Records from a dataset
(* Let $\mathcal{X}\subseteq\mathbb{R}^d$ be nonempty, closed and convex, and let $f:\mathbb{R}^d\to\mathbb{R}$ be differentiable (not necessarily convex) and $L$-smooth on an open set containing $\mathcal{X}$; assume the constrained minimum $f_\star=\min_{x\in\mathcal{X}}f(x)$ is attained. For $\gamma>0$ define $G_\gamma(x):=\frac1\gamma\big(x-\Pi_{\mathcal{X}}(x-\gamma\nabla f(x))\big)$, where $\Pi_{\mathcal{X}}$ is the Euclidean projection onto $\mathcal{X}$. Suppose there are $\mu>0$ and $\gamma\in(0,1/L]$ such that $\frac12\|G_\gamma(x)\|^2\ge\mu(f(x)-f_\star)$ for all $x\in\mathcal{X}$. Let $x_0\in\mathcal{X}$ and $x_{k+1}\in\operatorname{arg\,min}_{z\in\mathcal{X}\cap\mathcal{B}(x_k,t_k)}\langle\nabla f(x_k),z\rangle$ with $t_k:=\gamma\|G_\gamma(x_k)\|$. Then for every $k\ge0$, $f(x_{k+1})\le f(x_k)-\frac\gamma2\|G_\gamma(x_k)\|^2$, and consequently $f(x_k)-f_\star\le(1-\gamma\mu)^k(f(x_0)-f_\star)$ for all $k\ge0$. In particular, for $\gamma=1/L$, $f(x_k)-f_\star\le(1-\mu/L)^k(f(x_0)-f_\star)$.
   Context: $\|\cdot\|$ is the Euclidean norm, $\mathcal{B}(x,t):=\{y:\|y-x\|\le t\}$; $L$-smooth means $\nabla f$ is $L$-Lipschitz. *)

From HB Require Import structures.
From mathcomp Require Import all_boot all_order all_algebra.
From mathcomp Require Import all_classical all_reals all_analysis.
Set Implicit Arguments. Unset Strict Implicit. Unset Printing Implicit Defensive.
Import Order.TTheory GRing.Theory Num.Theory.
Import numFieldNormedType.Exports.
Local Open Scope classical_set_scope.
Local Open Scope ring_scope.

Section Defs.
Variables (R : realType) (d : nat).
Local Notation V := 'rV[R]_d.

Definition dotp (u v : V) : R := \sum_(i < d) u ord0 i * v ord0 i.
Definition enorm (u : V) : R := Num.sqrt (dotp u u).

Definition eball (x : V) (t : R) : set V := [set y | enorm (y - x) <= t].

Definition convex_set_ (X : set V) : Prop :=
  forall x y, X x -> X y -> forall t : R, 0 <= t -> t <= 1 ->
    X ((1 - t) *: x + t *: y).

Definition is_proj (X : set V) (y p : V) : Prop :=
  X p /\ forall z, X z -> enorm (y - p) <= enorm (y - z).

(* Euclidean projection Pi_X (well defined, i.e. the unique is_proj point,
   when X is nonempty closed convex) *)
Definition proj (X : set V) (y : V) : V := xget 0 [set p | is_proj X y p].

Definition grad_map (X : set V) (gradf : V -> V) (gamma : R) (x : V) : V :=
  gamma^-1 *: (x - proj X (x - gamma *: gradf x)).

Definition is_argmin (S : set V) (phi : V -> R) (z : V) : Prop :=
  S z /\ forall w, S w -> phi z <= phi w.

End Defs.

From Pilot Require Import Defs.
From HB Require Import structures.
From mathcomp Require Import all_boot all_order all_algebra.
From mathcomp Require Import all_classical all_reals all_analysis.
From mathcomp Require Import ring lra.
Import Order.TTheory GRing.Theory Num.Theory.
Import numFieldNormedType.Exports.
Local Open Scope classical_set_scope.
Local Open Scope ring_scope.

(* Let p be the projected-gradient point of x_k, so that x_k - p = gamma G_gamma(x_k).
   The variational inequality of the projection gives
   <grad f(x_k), x_k - p> >= ||x_k - p||^2 / gamma, and p is feasible for the
   subproblem defining x_{k+1}, whose displacement is at most ||x_k - p||.  The
   descent lemma f(z) <= f(y) + <grad f(y), z - y> + L/2 ||z - y||^2 with
   L gamma <= 1 then yields the decrease gamma/2 ||G_gamma(x_k)||^2, which the
   gradient-domination inequality turns into the contraction of f(x_k) - f_star
   by the factor 1 - gamma mu. *)

Section InnerProduct.
Context {R : realType} {d : nat}.
Implicit Types (u v w : 'rV[R]_d) (a : R).

Lemma dotpC u v : dotp u v = dotp v u.
Proof. by apply: eq_bigr => i _; rewrite mulrC. Qed.

Lemma dotpDl u w v : dotp (u + w) v = dotp u v + dotp w v.
Proof. by rewrite /dotp -big_split; apply: eq_bigr => i _; rewrite mxE mulrDl. Qed.

Lemma dotp0l v : dotp 0 v = 0.
Proof. by rewrite /dotp big1 // => i _; rewrite mxE mul0r. Qed.

Lemma dotpZl a u v : dotp (a *: u) v = a * dotp u v.
Proof. by rewrite /dotp mulr_sumr; apply: eq_bigr => i _; rewrite mxE mulrA. Qed.

Lemma dotpNl u v : dotp (- u) v = - dotp u v.
Proof. by rewrite -scaleN1r dotpZl mulN1r. Qed.

Lemma dotpBl u w v : dotp (u - w) v = dotp u v - dotp w v.
Proof. by rewrite dotpDl dotpNl. Qed.

Lemma dotpZr a u v : dotp u (a *: v) = a * dotp u v.
Proof. by rewrite dotpC dotpZl dotpC. Qed.

Lemma dotpBr u v w : dotp u (v - w) = dotp u v - dotp u w.
Proof. by rewrite !(dotpC u) dotpBl. Qed.

Lemma dotppBZ u w a :
  dotp (u - a *: w) (u - a *: w) = dotp u u - 2 * a * dotp u w + a ^+ 2 * dotp w w.
Proof. by rewrite !(dotpBl, dotpBr, dotpZl, dotpZr) (dotpC w u); ring. Qed.

Lemma dotpp_ge0 u : 0 <= dotp u u.
Proof. by apply: sumr_ge0 => i _; rewrite -expr2 sqr_ge0. Qed.

Lemma dotpp_eq0 u : (dotp u u == 0) = (u == 0).
Proof.
apply/eqP/eqP => [uu0|->]; last exact: dotp0l.
apply/rowP => j; rewrite mxE; apply/eqP; rewrite -sqrf_eq0 expr2.
by apply/eqP; move: uu0 => /psumr_eq0P; apply => // k _; rewrite -expr2 sqr_ge0.
Qed.

Lemma enorm_ge0 u : 0 <= enorm u.
Proof. exact: sqrtr_ge0. Qed.

Lemma enorm0 : enorm (0 : 'rV[R]_d) = 0.
Proof. by rewrite /enorm dotp0l sqrtr0. Qed.

Lemma sqr_enorm u : enorm u ^+ 2 = dotp u u.
Proof. by rewrite sqr_sqrtr // dotpp_ge0. Qed.

Lemma ler_enorm u v : (enorm u <= enorm v) = (dotp u u <= dotp v v).
Proof. by rewrite ler_sqrt // dotpp_ge0. Qed.

Lemma enormZ a u : enorm (a *: u) = `|a| * enorm u.
Proof. by rewrite /enorm dotpZl dotpZr mulrA -expr2 sqrtrM ?sqr_ge0 // sqrtr_sqr. Qed.

Lemma enormBC u v : enorm (u - v) = enorm (v - u).
Proof. by rewrite -opprB -scaleN1r enormZ normrN normr1 mul1r. Qed.

Lemma cauchy_schwarz u v : dotp u v <= enorm u * enorm v.
Proof.
have [->|u0] := eqVneq u 0; first by rewrite dotp0l enorm0 mul0r.
have [->|v0] := eqVneq v 0; first by rewrite dotpC dotp0l enorm0 mulr0.
set a := enorm u; set b := enorm v.
have ab_gt0 : 0 < a * b.
  by rewrite mulr_gt0 // sqrtr_gt0 lt_def dotpp_ge0 dotpp_eq0 ?u0 ?v0.
(* expand 0 <= ||b u - a v||^2 = 2 a b (a b - <u, v>) *)
have := dotpp_ge0 (b *: u - a *: v).
rewrite !(dotpBl, dotpBr, dotpZl, dotpZr) -!sqr_enorm -/a -/b (dotpC v u) => h.
have : 0 <= a * b * (2 * (a * b - dotp u v)) by move: h; congr (_ <= _); ring.
by rewrite pmulr_rge0 //; lra.
Qed.

Lemma normr_le_enorm u : `|u| <= enorm u.
Proof.
change `|u| with (mx_norm u); rewrite mx_normrE; apply: bigmax_le => [|[i j] _] /=; first exact: enorm_ge0.
rewrite (ord1 i) -sqrtr_sqr ler_sqrt ?dotpp_ge0 // /dotp (bigD1 j) //= -expr2 lerDl.
by apply: sumr_ge0 => k _; rewrite -expr2 sqr_ge0.
Qed.

Lemma continuous_enorm : continuous (@enorm R d).
Proof.
move=> u; apply: continuous_comp; last exact: sqrt_continuous.
apply: (continuous_big add_continuous) => i _ {}u.
by apply: continuousM; exact: coord_continuous.
Qed.

End InnerProduct.

Section Projection.
Context {R : realType} {d : nat}.
Local Notation V := 'rV[R]_d.

Lemma is_proj_exists (X : set V) y : X !=set0 -> closed X -> exists p, is_proj X y p.
Proof.
move=> [x0 Xx0] Xcl.
pose q z := enorm (y - z).
have qc : continuous q.
  move=> z; apply: continuous_comp; last exact: continuous_enorm.
  by apply: continuousB; [exact: cst_continuous | exact: cvg_id].
pose A := X `&` [set z | q z <= q x0].
have Acl : closed A.
  apply: closedI => //.
  by apply: (@preimage_closed _ _ q [set t | t <= q x0]) => //; exact: closed_le.
have Abd : bounded_set A.
  suff : \forall M \near +oo, forall z, A z -> `|z| <= M by [].
  near=> M => z [_ /= qz].
  rewrite -(subKr y z); apply: le_trans (ler_normB _ _) _.
  apply: le_trans (lerD (lexx _) (le_trans (normr_le_enorm _) qz)) _.
  by near: M; apply: nbhs_pinfty_ge; rewrite num_real.
have A0 : A !=set0 by exists x0; split => /=.
have [p /set_mem [Xp qp] pmin] :=
  EVT_min_rV A0 (bounded_closed_compact Abd Acl) (continuous_subspaceT qc).
exists p; split => // z Xz.
have [qz|qz] := leP (q z) (q x0); first by apply: pmin; rewrite inE.
exact: le_trans qp (ltW qz).
Unshelve. all: end_near.
Qed.

Lemma is_proj_proj (X : set V) y : X !=set0 -> closed X -> is_proj X y (Defs.proj X y).
Proof. by move=> X0 Xcl; rewrite /proj; apply: xgetPex; exact: is_proj_exists. Qed.

(* Moving from p towards z by the step t = a / (a + b) would strictly decrease the
   distance to y if a = <y - p, z - p> were positive. *)
Lemma is_proj_dotp_le0 {X : set V} {y p z : V} :
  convex_set_ X -> is_proj X y p -> X z ->
  dotp (y - p) (z - p) <= 0.
Proof.
move=> Xcvx [Xp pmin] Xz.
set a := dotp (y - p) (z - p); set b := dotp (z - p) (z - p).
rewrite leNgt; apply/negP => a_gt0.
have b_ge0 : 0 <= b by exact: dotpp_ge0.
pose t := a / (a + b).
have t_gt0 : 0 < t by rewrite divr_gt0 //; lra.
have t_le1 : t <= 1 by rewrite ler_pdivrMr ?mul1r ?lerDl //; lra.
have := pmin _ (Xcvx _ _ Xp Xz t (ltW t_gt0) t_le1).
have -> : y - ((1 - t) *: p + t *: z) = (y - p) - t *: (z - p).
  by apply/rowP => i; rewrite !mxE; ring.
rewrite ler_enorm dotppBZ -/a -/b => h.
have : 0 <= t * (t * b - 2 * a) by move: h; rewrite -subr_ge0; congr (_ <= _); ring.
have : t * b < a by rewrite /t mulrAC ltr_pdivrMr; nra.
by rewrite pmulr_rge0 //; lra.
Qed.

End Projection.

Section ProjectedGradient.
Context {R : realType} {d : nat}.
Local Notation V := 'rV[R]_d.
Context {X U : set V} {f : V -> R} {gradf : V -> V} {L gamma : R}.
Hypothesis fdiff : forall y, differentiable f y.
Hypothesis fgrad : forall y v, 'd f y v = dotp (gradf y) v.

Lemma is_derive_line (y v : V) (t : R) :
  is_derive t 1 (fun s : R => f (y + s *: v)) (dotp (gradf (y + t *: v)) v).
Proof.
set a := y + t *: v.
have shiftE : (fun h : R => h^-1 *: (((fun s => f (y + s *: v)) \o shift t) (h *: 1)
    - f (y + t *: v))) = (fun h : R => h^-1 *: ((f \o shift a) (h *: v) - f a)).
  apply/funext => h /=; congr (_ *: (f _ - _)).
  by rewrite /a -[h *: 1]/(h * 1) mulr1 scalerDl addrCA.
split; first by rewrite /derivable shiftE; exact: diff_derivable.
by rewrite /derive shiftE -/(derive f a v) deriveE // fgrad.
Qed.

Hypotheses (Xcvx : convex_set_ X) (XU : X `<=` U).
Hypothesis gradf_lip :
  forall y z, U y -> U z -> enorm (gradf y - gradf z) <= L * enorm (y - z).

(* Mean value theorem for s |-> f(y + s v) - s <grad f(y), v> - s^2 L/2 ||v||^2,
   whose derivative is nonpositive on [0, 1] by Cauchy-Schwarz and the Lipschitz bound. *)
Lemma descent_lemma {y z} : X y -> X z ->
  f z <= f y + dotp (gradf y) (z - y) + L / 2 * enorm (z - y) ^+ 2.
Proof.
move=> Xy Xz; set v := z - y; set c1 := dotp (gradf y) v; set c2 := L / 2 * enorm v ^+ 2.
pose h s := f (y + s *: v) - (s * c1 + s ^+ 2 * c2).
pose dh s := dotp (gradf (y + s *: v)) v - (c1 + 2 * s * c2).
have h_derive (s : R) : is_derive s (1 : R) h (dh s).
  apply: is_deriveB; first exact: is_derive_line.
  apply: is_derive_eq.
  by rewrite !scaler0 !add0r -[c1%:A]/(c1 * 1) -[s%:A]/(s * 1) !mulr1 /GRing.scale /=; ring.
have h_cont : {within `[0, 1], continuous h}.
  by apply: derivable_within_continuous => s _; exact: ex_derive.
have [c] := MVT ltr01 (fun s _ => h_derive s) h_cont.
rewrite in_itv /= => /andP[c_gt0 c_lt1] h10.
have Xc : X (y + c *: v).
  have -> : y + c *: v = (1 - c) *: y + c *: z by apply/rowP => i; rewrite !mxE; ring.
  by apply: Xcvx => //; lra.
have dh_le0 : dh c <= 0.
  have -> : dh c = dotp (gradf (y + c *: v) - gradf y) v - c * L * enorm v ^+ 2.
    by rewrite /dh dotpBl /c1 /c2; field.
  rewrite subr_le0; apply: le_trans (cauchy_schwarz _ _) _.
  apply: le_trans (ler_wpM2r (enorm_ge0 _) (gradf_lip _ _ (XU _ Xc) (XU _ Xy))) _.
  by rewrite addrC addKr enormZ (ger0_norm (ltW c_gt0)) expr2 !mulrA (mulrC L).
have : h 1 - h 0 <= 0 by rewrite h10 subr0 mulr1.
rewrite /h scale1r /v addrCA subrr addr0 scale0r addr0 expr1n expr0n /= !mul1r mul0r.
by rewrite -/v; lra.
Qed.

Hypotheses (X0 : X !=set0) (Xcl : closed X).
Hypotheses (L_ge0 : 0 <= L) (gamma_gt0 : 0 < gamma) (L_gamma : L * gamma <= 1).

Lemma scale_grad_map y :
  gamma *: grad_map X gradf gamma y = y - Defs.proj X (y - gamma *: gradf y).
Proof. by rewrite /grad_map scalerA mulfV ?gt_eqF // scale1r. Qed.

Lemma grad_map_decrease {y z} : X y ->
  is_argmin (X `&` eball y (gamma * enorm (grad_map X gradf gamma y)))
    (dotp (gradf y)) z ->
  f z <= f y - gamma / 2 * enorm (grad_map X gradf gamma y) ^+ 2.
Proof.
move=> Xy [[Xz z_near] z_min].
set p := Defs.proj X (y - gamma *: gradf y).
set t := enorm (grad_map X gradf gamma y); set b := dotp (gradf y) (y - p).
have p_proj : is_proj X (y - gamma *: gradf y) p by exact: is_proj_proj.
have norm_yp : enorm (y - p) = gamma * t.
  by rewrite -scale_grad_map enormZ gtr0_norm.
have zy_le : enorm (z - y) <= gamma * t := z_near.
have b_ge : gamma * t ^+ 2 <= b.
  have := is_proj_dotp_le0 Xcvx p_proj Xy.
  rewrite addrAC dotpBl dotpZl -sqr_enorm norm_yp -/b subr_le0.
  by rewrite exprMn expr2 -mulrA ler_pM2l.
have lin : dotp (gradf y) (z - y) <= - b.
  have /z_min : (X `&` eball y (gamma * t)) p.
    by split; [case: p_proj | rewrite /eball /= enormBC norm_yp].
  by rewrite /b !dotpBr; lra.
have quad : L / 2 * enorm (z - y) ^+ 2 <= gamma / 2 * t ^+ 2.
  have : L * enorm (z - y) ^+ 2 <= L * (gamma * t) ^+ 2.
    by rewrite ler_wpM2l // ler_sqr ?nnegrE ?enorm_ge0 ?mulr_ge0 ?enorm_ge0 ?(ltW gamma_gt0).
  have : L * gamma * (gamma * t ^+ 2) <= gamma * t ^+ 2.
    by apply: ler_piMl => //; rewrite mulr_ge0 ?sqr_ge0 ?(ltW gamma_gt0).
  lra.
have := descent_lemma Xy Xz.
lra.
Qed.

End ProjectedGradient.

Lemma geometric_decay {R : realDomainType} {a : nat -> R} {c : R} :
  (forall k, 0 <= a k) -> (forall k, a k.+1 <= c * a k) ->
  forall k, a k <= c ^+ k * a 0%N.
Proof.
move=> a_ge0 a_step.
have [c_ge0|c_lt0] := leP 0 c.
  elim=> [|k IHk]; first by rewrite expr0 mul1r.
  by apply: le_trans (a_step k) _; rewrite exprS -mulrA ler_wpM2l.
have a0 k : a k = 0.
  by apply/eqP; rewrite eq_le a_ge0 andbT; have := a_step k; have := a_ge0 k.+1; nra.
by move=> k; rewrite !a0 mulr0.
Qed.

Theorem theorem8 (R : realType) (d : nat)
  (X : set 'rV[R]_d) (f : 'rV[R]_d -> R) (gradf : 'rV[R]_d -> 'rV[R]_d)
  (U : set 'rV[R]_d) (L mu gamma : R) (xstar : 'rV[R]_d)
  (x : nat -> 'rV[R]_d) :
  X !=set0 -> closed X -> convex_set_ X ->
  (forall y, differentiable f y) ->
  (forall y v, 'd f y v = dotp (gradf y) v) ->
  open U -> X `<=` U -> 0 < L ->
  (forall y z, U y -> U z -> enorm (gradf y - gradf z) <= L * enorm (y - z)) ->
  X xstar -> (forall y, X y -> f xstar <= f y) ->
  0 < mu -> 0 < gamma -> gamma <= L^-1 ->
  (forall y, X y ->
     2^-1 * enorm (grad_map X gradf gamma y) ^+ 2 >= mu * (f y - f xstar)) ->
  X (x 0%N) ->
  (forall k, is_argmin
       (X `&` eball (x k) (gamma * enorm (grad_map X gradf gamma (x k))))
       (dotp (gradf (x k))) (x k.+1)) ->
  (forall k, f (x k.+1) <=
       f (x k) - gamma / 2 * enorm (grad_map X gradf gamma (x k)) ^+ 2) /\
  (forall k, f (x k) - f xstar <= (1 - gamma * mu) ^+ k * (f (x 0%N) - f xstar)) /\
  (gamma = L^-1 ->
     forall k, f (x k) - f xstar <= (1 - mu / L) ^+ k * (f (x 0%N) - f xstar)).
Proof.
move=> X0 Xcl Xcvx fdiff fgrad _ XU L_gt0 gradf_lip _ xstar_min _ gamma_gt0
  gamma_le PL Xx0 x_next.
have Xx k : X (x k) by case: k => [|k] //; case: (x_next k) => -[].
have L_gamma : L * gamma <= 1.
  by move: gamma_le; rewrite -[L^-1]mul1r ler_pdivlMr // mulrC.
have decrease k := grad_map_decrease fdiff fgrad Xcvx XU gradf_lip X0 Xcl
  (ltW L_gt0) gamma_gt0 L_gamma (Xx k) (x_next k).
have contraction k : f (x k.+1) - f xstar <= (1 - gamma * mu) * (f (x k) - f xstar).
  by have := PL _ (Xx k); have := decrease k; nra.
have gap_ge0 k : 0 <= f (x k) - f xstar by rewrite subr_ge0 xstar_min.
have rate := geometric_decay gap_ge0 contraction.
split=> //; split=> // gammaE k.
by rewrite [mu / L]mulrC -gammaE; exact: rate.
Qed.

## [WHAT IS REQUIRED]
Give back, word for word, only the lines above from the line holding "move=> [x0 Xx0] Xcl." to the line holding "by near: M;", both included.

## [RESPONSE]
move=> [x0 Xx0] Xcl.
pose q z := enorm (y - z).
have qc : continuous q.
  move=> z; apply: continuous_comp; last exact: continuous_enorm.
  by apply: continuousB; [exact: cst_continuous | exact: cvg_id].
pose A := X `&` [set z | q z <= q x0].
have Acl : closed A.
  apply: closedI => //.
  by apply: (@preimage_closed _ _ q [set t | t <= q x0]) => //; exact: closed_le.
have Abd : bounded_set A.
  suff : \forall M \near +oo, forall z, A z -> `|z| <= M by [].
  near=> M => z [_ /= qz].
  rewrite -(subKr y z); apply: le_trans (ler_normB _ _) _.
  apply: le_trans (lerD (lexx _) (le_trans (normr_le_enorm _) qz)) _.
  by near: M; apply: nbhs_pinfty_ge; rewrite num_real.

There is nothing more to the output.